The book also spends some time with the Valera family in Italy. Reno’s world-record status means that she has been invited to take part in a Valera promotional tour, but Sandro insists they must first spend a week with his mother at the family villa on the slopes above Lake Como. It is 1975 and Italy is in political turmoil with Red Brigade demonstrations and kidnappings — needless to say the industrial empire of the Valeras and the family itself are targets.

An unconventional notion of “art”, a troubled love-life and the global politics of inequality — even in summary outline, that suggests a cluttered agenda for the novel and for this reader that was the biggest problem with The Flamethrowers. Each of the story lines held interest, but as the book bounces from one to the other it became a distraction. Each time one thread got interesting, the author moved to another one and the threads never really come together. Kushner is both an accomplished stylist and clever storyteller but the novel never became the sum of its parts.

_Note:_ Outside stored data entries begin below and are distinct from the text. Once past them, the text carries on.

(* Let $\Phi$ be a Young function, $\varphi\in\mathcal{G}^{\rm dec}_1$, and let $\psi:\mathbb{R}^n\to\mathbb{R}^n$ be measurable. Then $C_\psi$ is bounded on the weak Orlicz–Morrey space $\mathrm{w}\mathcal{M}_\Phi^\varphi(\mathbb{R}^n)$ if and only if there exists a constant $K>0$ such that for all measurable sets $A\subset\mathbb{R}^n$, \[ \|\chi_{\psi^{-1}(A)}\|_{\mathcal{M}_\Phi^\varphi}\le K\|\chi_A\|_{\mathcal{M}_\Phi^\varphi}. \]
   Context: A Young function is a convex $\Phi:[0,\infty)\to[0,\infty)$ with $\Phi(0)=0$, $\lim_{t\to\infty}\Phi(t)=\infty$. $\mathcal{G}^{\rm dec}_1$ is the set of $\varphi:(0,\infty)\to(0,\infty)$ that are almost decreasing (there is $C>0$ with $C\varphi(r)\ge\varphi(s)$ for $r<s$) and submultiplicative (there is $C>0$ with $\varphi(rs)\le C\varphi(r)\varphi(s)$). For a ball $B=B(a,r)$: $\|f\|_{\Phi,B}=\inf\{\lambda>0:\frac1{|B|}\int_B\Phi(|f|/\lambda)\le1\}$ and $\|f\|_{\mathcal{M}_\Phi^\varphi}=\sup_{a,r}\frac1{\varphi(r)}\|f\|_{\Phi,B(a,r)}$. For measurable $A$, $f$ and $t>0$, $m(A,f,t)=|\{x\in A:|f(x)|>t\}|$. Define $\|f\|_{\Phi,B,\mathrm{weak}}=\inf\{\lambda>0:\sup_{t>0}\frac1{|B|}\Phi(t)\,m(B,f/\lambda,t)\le1\}$ and $\mathrm{w}\mathcal{M}_\Phi^\varphi(\mathbb{R}^n)$ as the set of measurable $f$ with $\|f\|_{\mathrm{w}\mathcal{M}_\Phi^\varphi}=\sup_{a\in\mathbb{R}^n,r>0}\frac1{\varphi(r)}\|f\|_{\Phi,B(a,r),\mathrm{weak}}<\infty$. $\chi_A$ is the characteristic function of $A$ and $C_\psi f=f\circ\psi$. *)

(* R^n is modelled as 'rV[R]_n. *)
From HB Require Import structures.
From mathcomp Require Import all_boot all_order all_algebra.
From mathcomp Require Import all_classical all_reals all_analysis.
Set Implicit Arguments. Unset Strict Implicit. Unset Printing Implicit Defensive.
Import Order.TTheory GRing.Theory Num.Theory.
Local Open Scope classical_set_scope.
Local Open Scope ring_scope.

(* Lebesgue measure on R^n, built as the Caratheodory restriction of   *)
(* the Lebesgue outer measure                                          *)
(*   lambda^*(X) = inf { sum_k vol(Q_k) | X \subset \bigcup_k Q_k }    *)
(* where the Q_k are half-open boxes [a,b) = prod_i [a_i, b_i).        *)
(* Technically: on a copy of 'rV[R]_n with the discrete sigma-algebra, *)
(* the set function [box_content] is vol(Q) on boxes Q, 0 on set0 and  *)
(* +oo on non-box sets; its library extension [mu_ext] (inf over      *)
(* countable covers) is exactly the Lebesgue outer measure.            *)

Definition Rdisc (R : realType) (n : nat) : Type := 'rV[R]_n.
HB.instance Definition _ R n := Choice.on (Rdisc R n).
HB.instance Definition _ R n := isPointed.Build (Rdisc R n) (0 : 'rV[R]_n).
HB.instance Definition _ R n := @isMeasurable.Build default_measure_display
  (Rdisc R n) discrete_measurable discrete_measurable0
  (@discrete_measurableC _) (@discrete_measurableU _).

Definition boxset (R : realType) (n : nat) (a b : 'rV[R]_n) : set (Rdisc R n) :=
  [set x : 'rV[R]_n | forall i : 'I_n, a ord0 i <= x ord0 i < b ord0 i].

Definition boxvol (R : realType) (n : nat) (a b : 'rV[R]_n) : R :=
  \prod_(i < n) Num.max 0 (b ord0 i - a ord0 i).

Definition box_content (R : realType) (n : nat) (A : set (Rdisc R n)) : \bar R :=
  if `[< A = set0 >] then 0%E
  else ereal_inf [set v | exists a b : 'rV[R]_n, A = boxset a b /\ v = (boxvol a b)%:E].

Lemma box_content0 (R : realType) (n : nat) : box_content (set0 : set (Rdisc R n)) = 0%E.
Proof. by rewrite /box_content asboolT. Qed.

Lemma box_content_ge0 (R : realType) (n : nat) (A : set (Rdisc R n)) :
  (0 <= box_content A)%E.
Proof.
rewrite /box_content; case: asboolP => _ //.
apply: le_ereal_inf_tmp => _ [a [b [_ ->]]]; rewrite lee_fin /boxvol.
by apply: prodr_ge0 => i _; rewrite le_max lexx.
Qed.

Definition lebesgue_outer (R : realType) (n : nat) : set (Rdisc R n) -> \bar R :=
  mu_ext (@box_content R n).

HB.instance Definition _ (R : realType) (n : nat) :=
  isOuterMeasure.Build R (Rdisc R n) (@lebesgue_outer R n)
    (mu_ext0 (@box_content0 R n) (@box_content_ge0 R n))
    (mu_ext_ge0 (@box_content_ge0 R n))
    (le_mu_ext (@box_content R n))
    (mu_ext_sigma_subadditive (@box_content_ge0 R n)).

Definition LRn (R : realType) (n : nat) := caratheodory_type (@lebesgue_outer R n).

Definition leb (R : realType) (n : nat) : set (LRn R n) -> \bar R :=
  (@lebesgue_outer R n : set (caratheodory_type (@lebesgue_outer R n)) -> \bar R).

Definition ball_n (R : realType) (n : nat) (a : 'rV[R]_n) (r : R) : set (LRn R n) :=
  [set y : 'rV[R]_n | \sum_(i < n) (y ord0 i - a ord0 i) ^+ 2 < r ^+ 2].

(* Phi : [0,oo) -> [0,oo) (values on negative reals are irrelevant) *)
Definition young_function (R : realType) (Phi : R -> R) : Prop :=
  [/\ (forall t, 0 <= t -> 0 <= Phi t),
      (forall x y s, 0 <= x -> 0 <= y -> 0 <= s <= 1 ->
         Phi (s * x + (1 - s) * y) <= s * Phi x + (1 - s) * Phi y),
      Phi 0 = 0 &
      Phi t @[t --> +oo] --> +oo].

(* phi : (0,oo) -> (0,oo) (values on non-positive reals are irrelevant) *)
Definition G_dec_1 (R : realType) (phi : R -> R) : Prop :=
  [/\ (forall r, 0 < r -> 0 < phi r),
      (exists C, 0 < C /\ forall r s, 0 < r -> r < s -> phi s <= C * phi r) &
      (exists C, 0 < C /\ forall r s, 0 < r -> 0 < s ->
                      phi (r * s) <= C * phi r * phi s)].

Local Open Scope ereal_scope.

Definition orlicz_ball_norm (R : realType) (n : nat) (Phi : R -> R)
    (f : LRn R n -> R) (B : set (LRn R n)) : \bar R :=
  ereal_inf [set l%:E | l in [set l : R | (0 < l)%R /\
    ((fine (leb B))^-1)%:E * \int[leb (R:=R) (n:=n)]_(x in B) (Phi (Num.norm (f x) / l)%R)%:E
      <= 1]].

Definition morrey_norm (R : realType) (n : nat) (Phi phi : R -> R)
    (f : LRn R n -> R) : \bar R :=
  ereal_sup [set ((phi r)^-1)%:E * orlicz_ball_norm Phi f (ball_n a r)
             | a in [set: 'rV[R]_n] & r in [set r : R | (0 < r)%R]].

Definition distrib (R : realType) (n : nat) (A : set (LRn R n))
    (f : LRn R n -> R) (t : R) : \bar R :=
  leb (A `&` [set x | (t < Num.norm (f x))%R]).

Definition weak_orlicz_ball_norm (R : realType) (n : nat) (Phi : R -> R)
    (f : LRn R n -> R) (B : set (LRn R n)) : \bar R :=
  ereal_inf [set l%:E | l in [set l : R | (0 < l)%R /\
    ereal_sup [set ((fine (leb B))^-1 * Phi t)%:E * distrib B (fun x => (f x / l)%R) t
               | t in [set t : R | (0 < t)%R]] <= 1]].

Definition weak_morrey_norm (R : realType) (n : nat) (Phi phi : R -> R)
    (f : LRn R n -> R) : \bar R :=
  ereal_sup [set ((phi r)^-1)%:E * weak_orlicz_ball_norm Phi f (ball_n a r)
             | a in [set: 'rV[R]_n] & r in [set r : R | (0 < r)%R]].

Definition weak_morrey_space (R : realType) (n : nat) (Phi phi : R -> R) :
    set (LRn R n -> R) :=
  [set f | measurable_fun [set: LRn R n] f /\ weak_morrey_norm Phi phi f < +oo].

Definition composition_bounded (R : realType) (n : nat) (Phi phi : R -> R)
    (psi : LRn R n -> LRn R n) : Prop :=
  exists C : R, (0 < C)%R /\
    forall f, weak_morrey_space Phi phi f ->
      weak_morrey_space Phi phi (f \o psi) /\
      weak_morrey_norm Phi phi (f \o psi) <= C%:E * weak_morrey_norm Phi phi f.

From mathcomp Require Import all_boot all_order all_algebra.
From mathcomp Require Import all_classical all_reals all_analysis.
From mathcomp Require Import lra measurable_realfun.

(* Everything rests on a layer-cake formula for the weak norm: for measurable f,
   ||f||_{Phi,B,weak} = sup_{s>0} s ||chi_{|f|>s}||_{Phi,B},
   because both sides are the infimum of the l > 0 such that
   Phi(s/l) |{|f| > s} n B| <= |B| for every s > 0 (Phi is nondecreasing, being
   convex with Phi(0) = 0).  Taking suprema over balls gives
   ||f||_{wM} = sup_{s>0} s ||chi_{|f|>s}||_M, in particular
   ||chi_E||_{wM} = ||chi_E||_M.  As {|f o psi| > s} = psi^-1 {|f| > s}, a bound
   for C_psi on indicators is the same as a bound on the whole weak space. *)
Import Order.TTheory GRing.Theory Num.Theory.
Local Open Scope classical_set_scope.
Local Open Scope ring_scope.

Section measurable_balls.
Variables (R : realType) (n : nat).

Definition halfspace (i : 'I_n) (c : R) : set (Rdisc R n) :=
  [set x : 'rV[R]_n | x ord0 i < c].

Definition box_cut_above (i : 'I_n) (c : R) (b : 'rV[R]_n) : 'rV[R]_n :=
  \row_j (if j == i then Num.min (b ord0 i) c else b ord0 j).

Definition box_cut_below (i : 'I_n) (c : R) (a : 'rV[R]_n) : 'rV[R]_n :=
  \row_j (if j == i then Num.max (a ord0 i) c else a ord0 j).

Lemma boxvol_ge0 (a b : 'rV[R]_n) : 0 <= boxvol a b.
Proof. by apply: prodr_ge0 => i _; rewrite le_max lexx. Qed.

Lemma box_content_boxset (a b : 'rV[R]_n) :
  (box_content (boxset a b) <= (boxvol a b)%:E)%E.
Proof.
rewrite /box_content; case: asboolP => _; first by rewrite lee_fin boxvol_ge0.
by apply: ereal_inf_lbound; exists a, b.
Qed.

Lemma interval_length_split (a b c : R) :
  Num.max 0 (Num.min b c - a) + Num.max 0 (b - Num.max a c) = Num.max 0 (b - a).
Proof. by rewrite !maxEle !minEle; repeat case: ifP; move=> *; lra. Qed.

Lemma boxvol_split i c (a b : 'rV[R]_n) :
  boxvol a (box_cut_above i c b) + boxvol (box_cut_below i c a) b = boxvol a b.
Proof.
rewrite /boxvol (bigD1 i) //= [X in _ + X](bigD1 i) // [X in _ = X](bigD1 i) //=.
rewrite !mxE !eqxx -[in RHS](interval_length_split _ _ c) mulrDl.
congr (_ * _ + _ * _).
  by apply: eq_bigr => j /negbTE ji; rewrite !mxE ji.
by apply: eq_bigr => j /negbTE ji; rewrite !mxE ji.
Qed.

Lemma boxsetI_halfspace i c (a b : 'rV[R]_n) :
  boxset a b `&` halfspace i c = boxset a (box_cut_above i c b).
Proof.
apply/seteqP; split => x /=.
  move=> [x_ab xc] j; rewrite !mxE; case: ifP => [/eqP ->|_]; last exact: x_ab.
  by have /andP[-> xb] := x_ab i; rewrite lt_min xb xc.
move=> x_ab; split; last first.
  by have := x_ab i; rewrite !mxE eqxx lt_min => /andP[_ /andP[]].
move=> j; have := x_ab j; rewrite !mxE; case: ifP => [/eqP ->|_] //.
by rewrite lt_min => /andP[-> /andP[]].
Qed.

It is only fair to note that my somewhat grumpy assessment is not shared by an assortment of prize juries, where The Flamethrowers has been a regular feature in recent months — a New York Times 2013 Top Ten book, a finalist for the National Book Award in the U.S., shortlisted for the inaugural Folio Prize in the U.K. and now shortlisted for the Bailey’s Women’s Prize for Fiction (formerly the Orange Prize). While it has not emerged as a winner, that is still an impressive list.

I should also note that while reading the book I found myself frequently comparing it to Donna Tartt’s The Goldfinch, another well-reviewed novel about which I was ambivalent. Tartt’s novel also has a strong “art” element, spends a lot of time in Nevada and New York and sends its central character off to Europe as part of the drama of the plot. If you liked one, I suspect you would like the other — I am quite aware that many readers and critics don’t share my assessment that both books have too much clutter to them.

There is definitely much talent on display in The Flamethrowers — I can’t help but conclude, however, that Kushner has a better book waiting in her future.